<<<<
Lemma closed_eq_fun {T S : topologicalType} (f g : T -> S) :
  hausdorff_space S -> continuous f -> continuous g ->
  closed [set x | f x = g x].
Proof.
move=> hS cf cg; rewrite -openC openE => x /= fgx.
have [A [B [oA oB Afx Bgx AB]]] := hausdorff_separation hS fgx.
rewrite /interior nbhsE; exists (f @^-1` A `&` g @^-1` B).
  by split=> //; apply: openI; apply: open_comp.
by move=> z [Afz Bgz] fgz; apply: (AB (f z)); rewrite // fgz.
Qed.

Lemma compact_nbhs_within {T : topologicalType} {h : T} {W : set T} :
  hausdorff_space T -> locally_compact [set: T] -> open W -> W h ->
  exists C O : set T, [/\ compact C, open O, O h, O `<=` C & C `<=` W].
Proof.
move=> hT lT oW Wh.
have [U] := lT h I; rewrite withinET => Uh [cU clU].
have [N Nh clNW] := compact_regular hT cU Uh (open_nbhs_nbhs (conj oW Wh)).
exists (closure (N `&` U)), (N `&` U)°; split.
- apply: (subclosed_compact _ cU); first exact: closed_closure.
  exact: subset_trans (closureS (@subIsetr _ N U)) clU.
- exact: open_interior.
- exact: filterI.
- by move=> z /interior_subset; apply: subset_closure.
- exact: subset_trans (closureS (@subIsetl _ N U)) clNW.
Qed.

Lemma local_homeo_open {T S : topologicalType} (f : T -> S) (O : set T) :
  local_homeo f -> open O -> open (f @` O).
Proof.
move=> [_ lf] oO; rewrite openE => _ [g Og <-].
have [V [oV Vg _ fopen]] := lf g.
rewrite /interior nbhsE; exists (f @` (O `&` V)).
  by split; [apply: fopen; [exact: openI|exact: subIsetr]|exists g].
by move=> _ [z [Oz _] <-]; exists z.
Qed.

Lemma circle_open_ball {R : realType} (c : R[i]) (e : R) :
  circle_open [set w | circle w /\ `|c - w| < e%:C].
Proof.
split=> [w []//|v [cv cve]].
have normE (z : R[i]) : `|z| = (complex.Re `|z|)%:C.
  by rewrite RRe_real ?normr_real.
exists (e - complex.Re `|c - v|); first by rewrite subr_gt0 -ltcR -normE.
move=> w cw vw; split=> //; apply: le_lt_trans (ler_distD v c w) _.
rewrite [X in X + _ < _]normE distrC.
have -> : e%:C = (complex.Re `|c - v|)%:C + (e - complex.Re `|c - v|)%:C.
  by rewrite -rmorphD /= addrC subrK.
by rewrite ltrD2l.
Qed.

Lemma circle_open_circle {R : realType} : circle_open (@circle R).
Proof. by split=> // v _; exists 1 => // w cw _. Qed.

Section EtaleGroupoid.
Context {G X : topologicalType} {D : gpd_data G X} (HD : hlc_etale_groupoid D).

Lemma unit_space_hausdorff : hausdorff_space X.
Proof.
have [[[unitK _ _ _ _] _ _ cu _] hG _ _ _] := HD.
apply: (hausdorff_inj _ cu _ hG) => x y /(f_equal (src D)).
by rewrite (unitK x).1 (unitK y).1.
Qed.

Lemma closed_Iso : closed (Iso D).
Proof.
have [[_ cs cr _ _] _ _ _ _] := HD.
exact: closed_eq_fun unit_space_hausdorff cs cr.
Qed.

Lemma open_rng_image (O : set G) : open O -> open (rng D @` O).
Proof. by case: HD => _ _ _ lr _; apply: local_homeo_open. Qed.

Lemma bisection_isotropy1 (B : set G) y h :
  bisection D B -> B h -> isotropy D y h -> B `&` isotropy D y = [set h].
Proof.
move=> [sinj _] Bh [sh rh]; apply/seteqP; split=> [z [Bz [sz rz]]|z ->] //=.
by apply: sinj; [exact: mem_set|exact: mem_set|rewrite sz sh].
Qed.
Section WordEvaluation.
Variable G : grp.

Definition letters (w : fword) : seq nat := map fst w.

Lemma weval_eq_on (b1 b2 : nat -> G) (w : fword) :
  {in letters w, b1 =1 b2} -> weval b1 w = weval b2 w.
Proof.
elim: w => [|[y e] w IH] //= eq_b.
by rewrite eq_b ?mem_head // IH // => z z_w; apply: eq_b; rewrite inE z_w orbT.
Qed.

Lemma weval_morph (H : grp) (phi : G -> H) (b : nat -> G) (w : fword) :
  phi gone = gone -> {morph phi : x y / gmul x y} -> {morph phi : x / ginv x} ->
  phi (weval b w) = weval (phi \o b) w.
Proof.
move=> phi1 phiM phiV; elim: w => [|[y e] w IH] //=.
by rewrite phiM IH; case: e => //; rewrite phiV.
Qed.

End WordEvaluation.

Section ModuleWithWordActions.
Variables (K : pzRingType) (V : lmodType K).
Implicit Types (a : nat -> V) (act : fword -> V -> V).

(* [sat] with the group forgotten: the word [f] acts on [V] through [act f]. *)
Fixpoint xeval_act a act (w : xkf K) : V :=
  match w with
  | [::] => 0
  | (k, x, f) :: w' => k *: act f (a x) + xeval_act a act w'
  end.

Fixpoint sat_act a act (u : formula K) : Prop :=
  match u with
  | FZero w => xeval_act a act w = 0
  | FOr u1 u2 => sat_act a act u1 \/ sat_act a act u2
  | FAnd u1 u2 => sat_act a act u1 /\ sat_act a act u2
  | FNot u1 => ~ sat_act a act u1
  | FEx x u1 => exists v, sat_act (fun x' => if x' == x then v else a x') act u1
  end.

Definition xwords (w : xkf K) : seq fword := map (fun t => t.2) w.

Fixpoint fwords (u : formula K) : seq fword :=
  match u with
  | FZero w => xwords w
  | FOr u1 u2 | FAnd u1 u2 => fwords u1 ++ fwords u2
  | FNot u1 | FEx _ u1 => fwords u1
  end.

Lemma xeval_act_ext a act1 act2 (w : xkf K) :
  {in xwords w, forall f, act1 f =1 act2 f} -> xeval_act a act1 w = xeval_act a act2 w.
Proof.
elim: w => [|[[k x] f] w IH] //= eq_act.
by rewrite eq_act ?mem_head // IH // => g g_w; apply: eq_act; rewrite inE g_w orbT.
Qed.

Lemma sat_act_ext act1 act2 (u : formula K) :
  {in fwords u, forall f, act1 f =1 act2 f} ->
  forall a, sat_act a act1 u <-> sat_act a act2 u.
Proof.
elim: u => [w|u1 IH1 u2 IH2|u1 IH1 u2 IH2|u1 IH1|x u1 IH1] /= eq_act a.
- by rewrite (xeval_act_ext _ eq_act).
- by rewrite IH1 ?IH2 // => f f_u; apply: eq_act; rewrite mem_cat f_u ?orbT.
- by rewrite IH1 ?IH2 // => f f_u; apply: eq_act; rewrite mem_cat f_u ?orbT.
- by rewrite IH1.
- by split=> -[v sat_v]; exists v; move: sat_v; rewrite IH1.
Qed.

End ModuleWithWordActions.

Section Transfer.
Variable K : pzRingType.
>>>>
Task details: Provide the number of lines in the data above that contain the string "FNot", and nothing else.

Task response: 2